Thankyou. I must confess that I have never been very good at quizes, and I cheated on this one. However, you have given me a fascinating journey through the photos and history represented here.

Thanks again

#1 is Fukojima Nakamori. #2 is Wesley Brooke-Hamster. #3 is Parker Marshall

The top one might be an Ansel Adams photograph in Manzanar. I don't know about the other 2.

Margaret Bourke-White,
Edward Steichen,
Walker Evans

I'm going

Ansel Adams
Arnold Newman
Walker Evans

zero 4 three?

Ok Mike

I'll give a shot at the first two......

1) Ansel Adams

2) Edward Weston

not sure on the last one

Top - Ansel Adams
Middle - Edward Steichen
Bottom Clarence John Laughlin

I have wild guesses for the first photo: Ansel Adams;
the third: Walker Evans;
but the third doesn't ring any bells for me... it looks like it could have been made anytime between, say, 1930 and 2013. :-)


Robert Adams
Diane Arbus
Cindy Sherman


I cant recall having ever seen any of the pictures before but I suspect the first one is Ansel Adams because I know he photographed Japanese Americans held internment camps during WWll (Shameful)

Not sure about the the other two yet but I guess it's against there normal style or subject.

I'll have my tea and try and figure it out!

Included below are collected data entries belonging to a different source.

(* The vector $\mathbf{w}:=\mathbf{M}(\mathbf{t}-\mathbf{t}_{\uparrow})/\|\mathbf{M}(\mathbf{t}-\mathbf{t}_{\uparrow})\|_1$ computed in Algorithm 1 is a weight vector, i.e., $\mathbf{w}\geq 0$ and $\|\mathbf{w}\|_1=1$.
   Context: $\mathbf{M}$ is a symmetric positive-definite matrix defining the norm $\|\mathbf{v}\|^2=\mathbf{v}^T\mathbf{M}\mathbf{v}$; $\|\cdot\|_1$ is the 1-norm. In Algorithm 1 (point-oriented Pareto computation), $\mathbf{t}\in\mathbb{R}^{m}$ is the given threshold vector, $\Phi$ is a nonempty finite set of points, $\mathrm{down}(\Phi)$ is the downward closure of the convex hull of $\Phi$, and $\mathbf{t}_{\uparrow}$ is the point $\mathbf{x}\in\mathrm{down}(\Phi)$ minimising $\|\mathbf{t}-\mathbf{x}\|$; $\mathbf{w}$ is computed in an iteration of the while loop (which runs only while $\|\mathbf{t}_{\downarrow}-\mathbf{t}_{\uparrow}\|>\varepsilon$), so that $\mathbf{t}\neq\mathbf{t}_{\uparrow}$, i.e. $\mathbf{t}\notin\mathrm{down}(\Phi)$. *)

From HB Require Import structures.
From mathcomp Require Import all_boot all_order all_algebra.
From mathcomp Require Import reals.
Set Implicit Arguments. Unset Strict Implicit. Unset Printing Implicit Defensive.
Import Order.TTheory GRing.Theory Num.Theory.
Local Open Scope ring_scope.

Section Defs.
Variables (R : realType) (m : nat).

Definition sym_posdef (M : 'M[R]_m) : Prop :=
  M^T = M /\ forall v : 'cV[R]_m, v != 0 -> 0 < (v^T *m M *m v) 0 0.

Definition normM (M : 'M[R]_m) (v : 'cV[R]_m) : R :=
  Num.sqrt ((v^T *m M *m v) 0 0).

Definition norm1 (v : 'cV[R]_m) : R := \sum_(i < m) `|v i 0|.

Definition in_conv (Phi : seq 'cV[R]_m) (x : 'cV[R]_m) : Prop :=
  exists lam : 'I_(size Phi) -> R,
    (forall k, 0 <= lam k) /\ \sum_k lam k = 1 /\
    x = \sum_k lam k *: nth 0 Phi k.

Definition in_down (Phi : seq 'cV[R]_m) (x : 'cV[R]_m) : Prop :=
  exists y, in_conv Phi y /\ forall i, x i 0 <= y i 0.

End Defs.

From HB Require Import structures.
From mathcomp Require Import all_boot all_order all_algebra.
From mathcomp Require Import reals.
From mathcomp Require Import ring lra.
Import Order.TTheory GRing.Theory Num.Theory.
Local Open Scope ring_scope.

(* Since down(Phi) is closed under lowering any coordinate, t_up - s e_i is
   feasible for every s >= 0; if the i-th coordinate of M (t - t_up) were
   negative, a small such step would bring the point strictly M-closer to t.
   Hence M (t - t_up) >= 0, and it is nonzero because t <> t_up and M is
   positive definite, so dividing it by its 1-norm gives a weight vector. *)

Section QuadraticForm.
Variables (R : realType) (m : nat) (M : 'M[R]_m).

Definition qform (u v : 'cV[R]_m) : R := (u^T *m M *m v) 0 0.

Lemma qformC (u v : 'cV[R]_m) : M^T = M -> qform u v = qform v u.
Proof.
move=> MT; have trE (A : 'M[R]_1) : A 0 0 = A^T 0 0 by rewrite mxE.
by rewrite /qform trE !trmx_mul trmxK MT mulmxA.
Qed.

Lemma qformDZ (v e : 'cV[R]_m) (s : R) : M^T = M ->
  qform (v + s *: e) (v + s *: e) =
  qform v v + 2 * s * qform e v + s ^+ 2 * qform e e.
Proof.
rewrite /qform => MT; have -> : (v + s *: e)^T = v^T + s *: e^T.
  by apply/matrixP => i j; rewrite !mxE.
have mx11D (A B : 'M[R]_1) : (A + B) 0 0 = A 0 0 + B 0 0 by rewrite mxE.
have mx11Z k (A : 'M[R]_1) : (k *: A) 0 0 = k * A 0 0 by rewrite mxE.
rewrite !mulmxDl !mulmxDr -!scalemxAr -!scalemxAl !mx11D !mx11Z.
by rewrite -/(qform v e) (qformC v e MT) /qform; ring.
Qed.

Lemma qform_delta_l (i : 'I_m) (v : 'cV[R]_m) :
  qform (delta_mx i 0) v = (M *m v) i 0.
Proof. by rewrite /qform -mulmxA trmx_delta -rowE mxE. Qed.

Lemma posdef_qform_ge0 (v : 'cV[R]_m) : sym_posdef M -> 0 <= qform v v.
Proof.
case=> _ Mpos; have [->|v0] := eqVneq v 0.
  by rewrite /qform trmx0 !mul0mx mxE.
exact/ltW/Mpos.
Qed.

Lemma posdef_mulmx_neq0 (v : 'cV[R]_m) : sym_posdef M -> v != 0 -> M *m v != 0.
Proof.
case=> _ Mpos /Mpos; apply: contraTneq => Mv0.
by rewrite -mulmxA Mv0 mulmx0 mxE ltxx.
Qed.

Lemma normM_le_qform (u v : 'cV[R]_m) : sym_posdef M ->
  normM M u <= normM M v -> qform u u <= qform v v.
Proof. by move=> MP; rewrite /normM ler_sqrt // posdef_qform_ge0. Qed.

(* First-order optimality of an M-projection onto a downward closed set D:
   for b := (M (t - t_up))_i < 0 and c := e_i^T M e_i, the step
   s := -b / c changes the squared M-distance to t by 2 s b + s^2 c = s b < 0. *)
Lemma downward_argmin_mulmx_ge0 (D : 'cV[R]_m -> Prop) (t tup : 'cV[R]_m) :
  sym_posdef M ->
  (forall x y : 'cV[R]_m, D x -> (forall i, y i 0 <= x i 0) -> D y) ->
  D tup -> (forall x, D x -> normM M (t - tup) <= normM M (t - x)) ->
  forall i, 0 <= (M *m (t - tup)) i 0.
Proof.
move=> MP D_down Dtup tup_min i; rewrite leNgt; apply/negP => b_lt0.
set e : 'cV[R]_m := delta_mx i 0.
have c_gt0 : 0 < qform e e.
  apply: MP.2; apply/eqP => /matrixP /(_ i 0).
  by rewrite !mxE !eqxx => /eqP; rewrite oner_eq0.
set b := (M *m (t - tup)) i 0 in b_lt0; set c := qform e e in c_gt0.
set s := - b / c.
have s_gt0 : 0 < s by rewrite divr_gt0 // oppr_gt0.
have sc : s * c = - b by rewrite /s mulrAC -mulrA divff ?mulr1 // gt_eqF.
have D_step : D (tup - s *: e).
  by apply: D_down Dtup _ => j; rewrite !mxE lerBlDr lerDl mulr_ge0 ?ler0n ?ltW.
have := normM_le_qform _ _ MP (tup_min _ D_step).
have -> : t - (tup - s *: e) = (t - tup) + s *: e by rewrite opprB addrA addrAC.
rewrite qformDZ ?MP.1 // qform_delta_l -/b -/c expr2 -[s * s * c]mulrA sc.
have : s * b < 0 by rewrite pmulr_rlt0.
lra.
Qed.

End QuadraticForm.

Section OneNorm.
Variables (R : realType) (m : nat).

Lemma norm1_gt0 (v : 'cV[R]_m) : v != 0 -> 0 < norm1 v.
Proof.
move=> v0; rewrite lt_def sumr_ge0 // andbT; apply: contra v0 => /eqP norm0.
apply/eqP/matrixP => i j; rewrite ord1 mxE; apply/normr0_eq0.
exact: psumr_eq0P norm0 i isT.
Qed.

Lemma norm1Z (k : R) (v : 'cV[R]_m) : norm1 (k *: v) = `|k| * norm1 v.
Proof. by rewrite /norm1 mulr_sumr; apply: eq_bigr => i _; rewrite mxE normrM. Qed.

Lemma norm1_normalize_weight (v : 'cV[R]_m) :
  (forall i, 0 <= v i 0) -> v != 0 ->
  let w := (norm1 v)^-1 *: v in (forall i, 0 <= w i 0) /\ norm1 w = 1.
Proof.
move=> v_ge0 /norm1_gt0 N_gt0 w; split.
  by move=> i; rewrite mxE mulr_ge0 // invr_ge0 ltW.
by rewrite norm1Z ger0_norm ?invr_ge0 ?ltW // mulVf // gt_eqF.
Qed.

End OneNorm.

Lemma in_down_le (R : realType) (m : nat) (Phi : seq 'cV[R]_m) (x y : 'cV[R]_m) :
  in_down Phi x -> (forall i, y i 0 <= x i 0) -> in_down Phi y.
Proof.
case=> z [conv_z x_le_z] y_le_x; exists z; split => // i.
exact: le_trans (y_le_x i) (x_le_z i).
Qed.

Theorem lemma8 (R : realType) (m : nat) (M : 'M[R]_m) (Phi : seq 'cV[R]_m)
    (t tup : 'cV[R]_m) :
  sym_posdef M ->
  Phi != [::] ->
  in_down Phi tup ->
  (forall x, in_down Phi x -> normM M (t - tup) <= normM M (t - x)) ->
  ~ in_down Phi t ->
  let w := (norm1 (M *m (t - tup)))^-1 *: (M *m (t - tup)) in
  (forall i, 0 <= w i 0) /\ norm1 w = 1.
Proof.
move=> MP _ tup_down tup_min t_notin.
have d_neq0 : t - tup != 0.
  by rewrite subr_eq0; apply: contraPneq t_notin => ->.
apply: norm1_normalize_weight.
  exact: downward_argmin_mulmx_ge0 MP (@in_down_le R m Phi) tup_down tup_min.
exact: posdef_mulmx_neq0.
Qed.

I'm going to guess that top to bottom the photos are by Ansel Adams, Edward Weston, and Frances Benjamin Johnson. Do I win the prize?

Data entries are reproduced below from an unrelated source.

(* Let $R$ be a commutative Noetherian ring and $n$ a non-negative integer. Let $0\to M'\to M\to M''\to 0$ be an exact sequence of $R$-modules. Then $M$ is in dimension $<n$ if and only if both $M'$ and $M''$ are in dimension $<n$.
   Context: For an $R$-module $L$, $\dim\operatorname{Supp}L=\sup\{\dim R/\mathfrak p:\mathfrak p\in\operatorname{Supp}L\}$, the zero module having dimension $-\infty$. An $R$-module $L$ is ''in dimension $<n$'' if there is a finitely generated submodule $N\subseteq L$ with $\dim\operatorname{Supp}(L/N)<n$. *)

From mathcomp Require Import all_boot all_algebra.
Set Implicit Arguments.
Unset Strict Implicit.
Unset Printing Implicit Defensive.
Import GRing.Theory.
Local Open Scope ring_scope.

Definition is_ideal (R : comPzRingType) (I : R -> Prop) : Prop :=
  I 0 /\ (forall a b, I a -> I b -> I (a + b)) /\ (forall r a, I a -> I (r * a)).

Definition ideal_fg (R : comPzRingType) (I : R -> Prop) : Prop :=
  exists s : seq R, forall x,
    I x <-> exists c : 'I_(size s) -> R, x = \sum_(i < size s) c i * s`_i.

Definition noetherian (R : comPzRingType) : Prop :=
  forall I : R -> Prop, is_ideal I -> ideal_fg I.

Definition prime_ideal (R : comPzRingType) (P : R -> Prop) : Prop :=
  is_ideal P /\ ~ P 1 /\ (forall a b, P (a * b) -> P a \/ P b).

(* dim R/p >= k : there is a chain of primes p = q_0 < q_1 < ... < q_k. *)
Definition dim_quot_ge (R : comPzRingType) (p : R -> Prop) (k : nat) : Prop :=
  exists q : nat -> R -> Prop,
    (forall x, q 0%N x <-> p x) /\
    (forall i, (i <= k)%N -> prime_ideal (q i)) /\
    (forall i, (i < k)%N ->
       (forall x, q i x -> q i.+1 x) /\ (exists x, q i.+1 x /\ ~ q i x)).

(* p in Supp (L/N), N a submodule of L:  p prime and (L/N)_p <> 0, i.e.
   some class x + N is not killed by any s outside p. *)
Definition in_supp_quot (R : comPzRingType) (L : lmodType R)
    (N : L -> Prop) (p : R -> Prop) : Prop :=
  prime_ideal p /\ exists x : L, forall s : R, ~ p s -> ~ N (s *: x).

(* dim Supp (L/N) < n  (sup over the support, with sup of empty = -oo). *)
Definition dim_supp_quot_lt (R : comPzRingType) (L : lmodType R)
    (N : L -> Prop) (n : nat) : Prop :=
  forall p : R -> Prop, in_supp_quot N p -> ~ dim_quot_ge p n.

Definition span_seq (R : comPzRingType) (L : lmodType R) (s : seq L) (x : L) : Prop :=
  exists c : 'I_(size s) -> R, x = \sum_(i < size s) c i *: s`_i.

Definition in_dim_lt (R : comPzRingType) (L : lmodType R) (n : nat) : Prop :=
  exists s : seq L, dim_supp_quot_lt (span_seq s) n.

(* If y represents a point of Supp(M/N), either its image survives in M''/g(N), or
   u*y is congruent modulo N to some f(x') with u outside p, and then x' survives in
   M'/f^-1(N); taking N generated by the images of generators for M' and lifts of
   generators for M'' gives the "if" direction.  Conversely Supp(M''/g(N)) and
   Supp(M'/f^-1(N)) lie in Supp(M/N); that f^-1(N) is finitely generated when N is
   uses that submodules of finitely generated modules over a Noetherian ring are
   finitely generated. *)

From mathcomp Require Import all_boot all_algebra.
From Stdlib Require Import Classical.
Import GRing.Theory.
Local Open Scope ring_scope.

Set Implicit Arguments.
Unset Strict Implicit.
Unset Printing Implicit Defensive.

Lemma lift_seq (A : Type) (B : eqType) (h : A -> B) (t : seq B) :
  {in t, forall z, exists y, h y = z} -> exists u, map h u = t.
Proof.
elim: t => [|z t IHt] liftable; first by exists [::].
have [y hy] := liftable z (mem_head z t).
have [u hu] := IHt (fun w tw => liftable w (mem_behead (s := z :: t) tw)).
by exists (y :: u); rewrite /= hy hu.
Qed.

Section Submodules.
Variables (R : comPzRingType) (L : lmodType R).

Record submodule (P : L -> Prop) : Prop := Submodule {
  submodule0 : P 0;
  submoduleD : forall x y, P x -> P y -> P (x + y);
  submoduleZ : forall r x, P x -> P (r *: x)
}.

Lemma submoduleB P x y : submodule P -> P x -> P y -> P (x - y).
Proof. by case=> _ PD PZ Px Py; rewrite -scaleN1r; apply/PD/PZ. Qed.

Lemma submoduleI P Q : submodule P -> submodule Q -> submodule (fun x => P x /\ Q x).
Proof.
case=> P0 PD PZ [Q0 QD QZ]; split=> [|x y [Px Qx] [Py Qy]|r x [Px Qx]].
- by [].
- by split; [apply: PD | apply: QD].
- by split; [apply: PZ | apply: QZ].
Qed.

Lemma span_seq_nil x : span_seq ([::] : seq L) x <-> x = 0.
Proof.
split=> [[c ->]|->]; first by rewrite big_ord0.
by exists (fun=> 0); rewrite big_ord0.
Qed.

Lemma span_seq_cons (a : L) (s : seq L) x :
  span_seq (a :: s) x <-> exists r y, span_seq s y /\ x = r *: a + y.
Proof.
split=> [[c ->]|[r [_ [[c ->] ->]]]].
  rewrite big_ord_recl; exists (c ord0), (\sum_(i < size s) c (lift ord0 i) *: s`_i).
  by split=> //; exists (fun i => c (lift ord0 i)).
exists (fun i : 'I_(size s).+1 => if unlift ord0 i is Some j then c j else r).
by rewrite big_ord_recl unlift_none; congr (_ + _); apply: eq_bigr => i _; rewrite liftK.
Qed.

Lemma span_seq_submodule (s : seq L) : submodule (span_seq s).
Proof.
elim: s => [|a s [S0 SD SZ]].
  by split=> [|x y|r x]; rewrite ?span_seq_nil // => ->; [move=> ->; rewrite addr0|rewrite scaler0].
split=> [|x y|t x].
- by apply/span_seq_cons; exists 0, 0; rewrite scale0r addr0.
- case/span_seq_cons=> [r [u [su ->]]] /span_seq_cons [r' [u' [su' ->]]].
  apply/span_seq_cons; exists (r + r'), (u + u'); split; first exact: SD.
  by rewrite scalerDl addrACA.
- case/span_seq_cons=> [r [u [su ->]]]; apply/span_seq_cons.
  by exists (t * r), (t *: u); rewrite scalerDr scalerA; split; first exact: SZ.
Qed.

Lemma span_seq_mem (s : seq L) x : x \in s -> span_seq s x.
Proof.
elim: s => [|a s IHs] //; rewrite inE => /predU1P[->|/IHs sx]; apply/span_seq_cons.
  by exists 1, 0; rewrite scale1r addr0; split; first exact: submodule0 (span_seq_submodule s).
by exists 0, x; rewrite scale0r add0r.
Qed.

Lemma span_seq_cat (s1 s2 : seq L) x :
  span_seq (s1 ++ s2) x <-> exists x1 x2, span_seq s1 x1 /\ span_seq s2 x2 /\ x = x1 + x2.
Proof.
elim: s1 x => [|a s1 IHs1] x /=.
  split=> [s2x|[x1 [x2 [/span_seq_nil -> [s2x ->]]]]]; last by rewrite add0r.
  by exists 0, x; rewrite add0r span_seq_nil.
split.
  case/span_seq_cons=> [r [y [/IHs1 [x1 [x2 [s1x1 [s2x2 ->]]]] ->]]].
  exists (r *: a + x1), x2; rewrite addrA; split=> //.
  by apply/span_seq_cons; exists r, x1.
case=> _ [x2 [/span_seq_cons [r [x1 [s1x1 ->]]] [s2x2 ->]]].
by apply/span_seq_cons; exists r, (x1 + x2); rewrite addrA; split=> //; apply/IHs1; exists x1, x2.
Qed.

Lemma span_seq_catl (s1 s2 : seq L) x : span_seq s1 x -> span_seq (s1 ++ s2) x.
Proof.
move=> s1x; apply/span_seq_cat; exists x, 0; rewrite addr0; split=> //.
by split=> //; apply: submodule0 (span_seq_submodule s2).
Qed.

Lemma span_seq_catr (s1 s2 : seq L) x : span_seq s2 x -> span_seq (s1 ++ s2) x.
Proof.
move=> s2x; apply/span_seq_cat; exists 0, x; rewrite add0r; split=> //.
exact: submodule0 (span_seq_submodule s1).
Qed.

End Submodules.

Lemma submodule_image (R : comPzRingType) (L1 L2 : lmodType R) (h : {linear L1 -> L2}) :
  submodule (fun y => exists x, h x = y).
Proof.
split=> [|_ _ [x <-] [x' <-]|r _ [x <-]]; first by exists 0; rewrite linear0.
  by exists (x + x'); rewrite linearD.
by exists (r *: x); rewrite linearZZ.
Qed.

Lemma span_seq_map (R : comPzRingType) (L1 L2 : lmodType R) (h : {linear L1 -> L2}) s z :
  span_seq (map h s) z <-> exists y, span_seq s y /\ h y = z.
Proof.
elim: s z => [|a s IHs] z /=.
  rewrite span_seq_nil; split=> [->|[y [/span_seq_nil -> <-]]]; last exact: linear0.
  by exists 0; rewrite linear0 span_seq_nil.
split.
  case/span_seq_cons=> [r [_ [/IHs [y [sy <-]] ->]]].
  by exists (r *: a + y); rewrite linearD linearZZ; split=> //; apply/span_seq_cons; exists r, y.
case=> _ [/span_seq_cons [r [y [sy ->]]] <-]; apply/span_seq_cons.
by exists r, (h y); rewrite linearD linearZZ; split=> //; apply/IHs; exists y.
Qed.

Section NoetherianModules.
Variables (R : comPzRingType) (L : lmodType R).

Section CoefficientIdeal.
Variables (a : L) (s : seq L) (P : L -> Prop).
Hypothesis subP : submodule P.

Definition coef_ideal (r : R) := exists y, span_seq s y /\ P (r *: a + y).

Lemma coef_ideal_is_ideal : is_ideal coef_ideal.
Proof.
have [S0 SD SZ] := span_seq_submodule s; have [P0 PD PZ] := subP.
split; last split.
- by exists 0; rewrite scale0r addr0.
- move=> r r' [y [sy Py]] [y' [sy' Py']]; exists (y + y'); split; first exact: SD.
  by rewrite scalerDl addrACA; apply: PD.
- move=> t r [y [sy Py]]; exists (t *: y); split; first exact: SZ.
  by rewrite -scalerA -scalerDr; apply: PZ.
Qed.

(* [ideal_fg] is, up to conversion, finite generation in the regular module [R^o]. *)
Lemma lift_coef_ideal (q : seq R^o) : {in q, forall r, coef_ideal r} ->
  exists w, (forall z, span_seq w z -> P z) /\
    forall r, span_seq q r -> exists z, span_seq w z /\ span_seq s (z - r *: a).
Proof.
have [S0 SD SZ] := span_seq_submodule s; have [P0 PD PZ] := subP.
elim: q => [|b q IHq] coef_q.
  exists [::]; split=> [z /span_seq_nil -> //|r /span_seq_nil ->].
  by exists 0; rewrite scale0r subr0 span_seq_nil.
have [yb [syb Pb]] := coef_q b (mem_head b q).
have [w [Pw lift_w]] := IHq (fun r qr => coef_q r (mem_behead (s := b :: q) qr)).
exists ((b *: a + yb) :: w); split.
  by move=> _ /span_seq_cons [t [z [wz ->]]]; apply: PD; [apply: PZ | exact: Pw].
move=> _ /span_seq_cons [t [r [qr ->]]]; have [z [wz sz]] := lift_w r qr.
exists (t *: (b *: a + yb) + z); split; first by apply/span_seq_cons; exists t, z.
have -> : t *: (b *: a + yb) + z - (t * b + r) *: a = t *: yb + (z - r *: a).
  by rewrite scalerDr scalerA scalerDl opprD addrACA [_ - _ *: a]addrC addKr.
by apply: SD => //; apply: SZ.
Qed.

End CoefficientIdeal.

Lemma noetherian_span_submodule_fg (P : L -> Prop) (s : seq L) :
  noetherian R -> submodule P -> (forall x, P x -> span_seq s x) ->
  exists s', forall x, P x <-> span_seq s' x.
Proof.
move=> noethR; elim: s P => [|a s IHs] P subP Ps.
  by exists [::] => x; rewrite span_seq_nil; split=> [/Ps/span_seq_nil|->]; last case: subP.
have [q gen_q] := noethR _ (coef_ideal_is_ideal a s subP).
have [w [Pw lift_w]] :=
  lift_coef_ideal subP (q := q) (fun r qr => proj2 (gen_q r) (span_seq_mem qr)).
have [s1 gen_s1] := IHs _ (submoduleI subP (span_seq_submodule s)) (fun x => @proj2 _ _).
(* Each x in P differs from an element of span w by an element of P /\ span s. *)
exists (w ++ s1) => x; split=> [Px | /span_seq_cat [z [x1 [wz [/gen_s1 [Px1 _] ->]]]]].
  have [r [y [sy ex]]] := (span_seq_cons _ _ _).1 (Ps x Px).
  have [z [wz sz]] : exists z, span_seq w z /\ span_seq s (z - r *: a).
    by apply: lift_w; apply/gen_q; exists y; rewrite -ex.
  apply/span_seq_cat; exists z, (x - z); split=> //; split; last by rewrite addrC subrK.
  apply/gen_s1; split; first by apply: submoduleB => //; exact: Pw.
  by rewrite ex addrAC addrC -opprB; apply: submoduleB (span_seq_submodule s) sy sz.
by case: subP => _ PD _; apply: PD => //; exact: Pw.
Qed.

End NoetherianModules.

Section Support.
Variable R : comPzRingType.
Implicit Types L : lmodType R.

Lemma in_supp_quot_antimono L (N1 N2 : L -> Prop) p :
  (forall x, N1 x -> N2 x) -> in_supp_quot N2 p -> in_supp_quot N1 p.
Proof. by move=> N12 [pp [x N2x]]; split=> // []; exists x => t tp /N12; apply: N2x. Qed.

Lemma in_supp_quot_preim L1 L2 (h : {linear L1 -> L2}) (N : L2 -> Prop) p :
  in_supp_quot (fun x => N (h x)) p -> in_supp_quot N p.
Proof. by case=> pp [x Nhx]; split=> //; exists (h x) => t tp; rewrite -linearZZ; apply: Nhx. Qed.

Lemma in_supp_quot_image L1 L2 (h : {linear L1 -> L2}) (N : L1 -> Prop) p :
  (forall z, exists y, h y = z) ->
  in_supp_quot (fun z => exists y, N y /\ h y = z) p -> in_supp_quot N p.
Proof.
move=> h_surj [pp [z hNz]]; have [y hyz] := h_surj z; split=> //.
by exists y => t tp Nty; apply: (hNz t tp); exists (t *: y); rewrite linearZZ hyz.
Qed.

Lemma in_supp_quot_exact L' L L'' (f : {linear L' -> L}) (g : {linear L -> L''})
    (N : L -> Prop) p :
  (forall y, g y = 0 -> exists x, f x = y) -> submodule N -> in_supp_quot N p ->
  in_supp_quot (fun x => N (f x)) p \/ in_supp_quot (fun z => exists y, N y /\ g y = z) p.
Proof.
move=> ker_g subN [pp [y Ny]]; have [_ [_ p_prime]] := pp.
case: (classic (forall u, ~ p u -> ~ exists c, N c /\ g c = u *: g y)) => [gy_survives|].
  by right; split=> //; exists (g y).
move/not_all_ex_not=> [u not_u_survives].
have [up /NNPP [c [Nc gc]]] := imply_to_and _ _ not_u_survives.
left; split=> //.
have [x fx] : exists x, f x = u *: y - c by apply: ker_g; rewrite linearB linearZZ gc subrr.
exists x => v vp Nfvx; apply: (Ny (v * u)); first by case/p_prime.
have -> : (v * u) *: y = f (v *: x) + v *: c by rewrite linearZZ fx scalerBr scalerA subrK.
by case: subN => _ ND NZ; apply: ND => //; apply: NZ.
Qed.

Lemma dim_supp_quot_lt_supp L1 L2 (N1 : L1 -> Prop) (N2 : L2 -> Prop) n :
  (forall p, in_supp_quot N1 p -> in_supp_quot N2 p) ->
  dim_supp_quot_lt N2 n -> dim_supp_quot_lt N1 n.
Proof. by move=> supp12 dimN2 p /supp12; apply: dimN2. Qed.

End Support.

Section DimensionInExactSequences.
Variable R : comPzRingType.
Implicit Types L : lmodType R.

Lemma in_dim_lt_submodule L' L (f : {linear L' -> L}) n :
  noetherian R -> injective f -> in_dim_lt L n -> in_dim_lt L' n.
Proof.
move=> noethR f_inj [s dim_s].
have subP := submoduleI (submodule_image f) (span_seq_submodule s).
have [s' gen_s'] := noetherian_span_submodule_fg noethR subP (fun y => @proj2 _ _).
have [u fu] := lift_seq (h := f) (t := s') (fun y s'y => ((gen_s' y).2 (span_seq_mem s'y)).1).
exists u; apply: dim_supp_quot_lt_supp dim_s => p supp_u.
apply: (in_supp_quot_preim (h := f)); apply: in_supp_quot_antimono supp_u => x sfx.
have : span_seq (map f u) (f x) by rewrite fu; apply/gen_s'; split=> //; exists x.
by case/span_seq_map=> y [uy /f_inj <-].
Qed.

Lemma in_dim_lt_quotient L L'' (g : {linear L -> L''}) n :
  (forall z, exists y, g y = z) -> in_dim_lt L n -> in_dim_lt L'' n.
Proof.
move=> g_surj [s dim_s]; exists (map g s).
apply: dim_supp_quot_lt_supp dim_s => p supp_gs.
by apply: in_supp_quot_image g_surj _; apply: in_supp_quot_antimono supp_gs => z /span_seq_map.
Qed.

Lemma in_dim_lt_extension L' L L'' (f : {linear L' -> L}) (g : {linear L -> L''}) n :
  (forall z, exists y, g y = z) -> (forall y, g y = 0 -> exists x, f x = y) ->
  in_dim_lt L' n -> in_dim_lt L'' n -> in_dim_lt L n.
Proof.
move=> g_surj ker_g [s' dim_s'] [s'' dim_s''].
have [t gt] := lift_seq (h := g) (t := s'') (fun z _ => g_surj z).
exists (map f s' ++ t) => p supp_p.
have [supp_f | supp_g] := in_supp_quot_exact ker_g (span_seq_submodule _) supp_p.
  apply: dim_s'; apply: in_supp_quot_antimono supp_f => x s'x.
  by apply/span_seq_catl/span_seq_map; exists x.
apply: dim_s''; apply: in_supp_quot_antimono supp_g => z.
by rewrite -gt => /span_seq_map [y [ty <-]]; exists y; split=> //; apply: span_seq_catr.
Qed.

End DimensionInExactSequences.

Theorem proposition2p12 (R : comPzRingType) (n : nat)
    (M' M M'' : lmodType R) (f : {linear M' -> M}) (g : {linear M -> M''}) :
  noetherian R ->
  injective f ->
  (forall z : M'', exists y : M, g y = z) ->
  (forall y : M, g y = 0 <-> exists x : M', f x = y) ->
  (in_dim_lt M n <-> in_dim_lt M' n /\ in_dim_lt M'' n).
Proof.
move=> noethR f_inj g_surj exact_at_M; split=> [dimM | [dimM' dimM'']].
  split; first exact: in_dim_lt_submodule noethR f_inj dimM.
  exact: in_dim_lt_quotient g_surj dimM.
exact: in_dim_lt_extension g_surj (fun y => (exact_at_M y).1) dimM' dimM''.
Qed.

I nailed the first one only. Obscure indeed :-)

The first one has to be Ansel Adam's work from his visit to the forced relocation camps for Japanese Americans during WWII. I'm just guessing that the second is a late Stieglitz or a Weston, doing a practical portrait for money or friendship, and I wonder if the last is another Adams (a record shot?) or an outtake from The Americans.

I LOVE Ansel Adams' Manzanar "relocation center" photos, I really get a sense of what he was feeling in them that I don't get from his famous work. I'm not familiar with that one in particular but it's got to be Adams.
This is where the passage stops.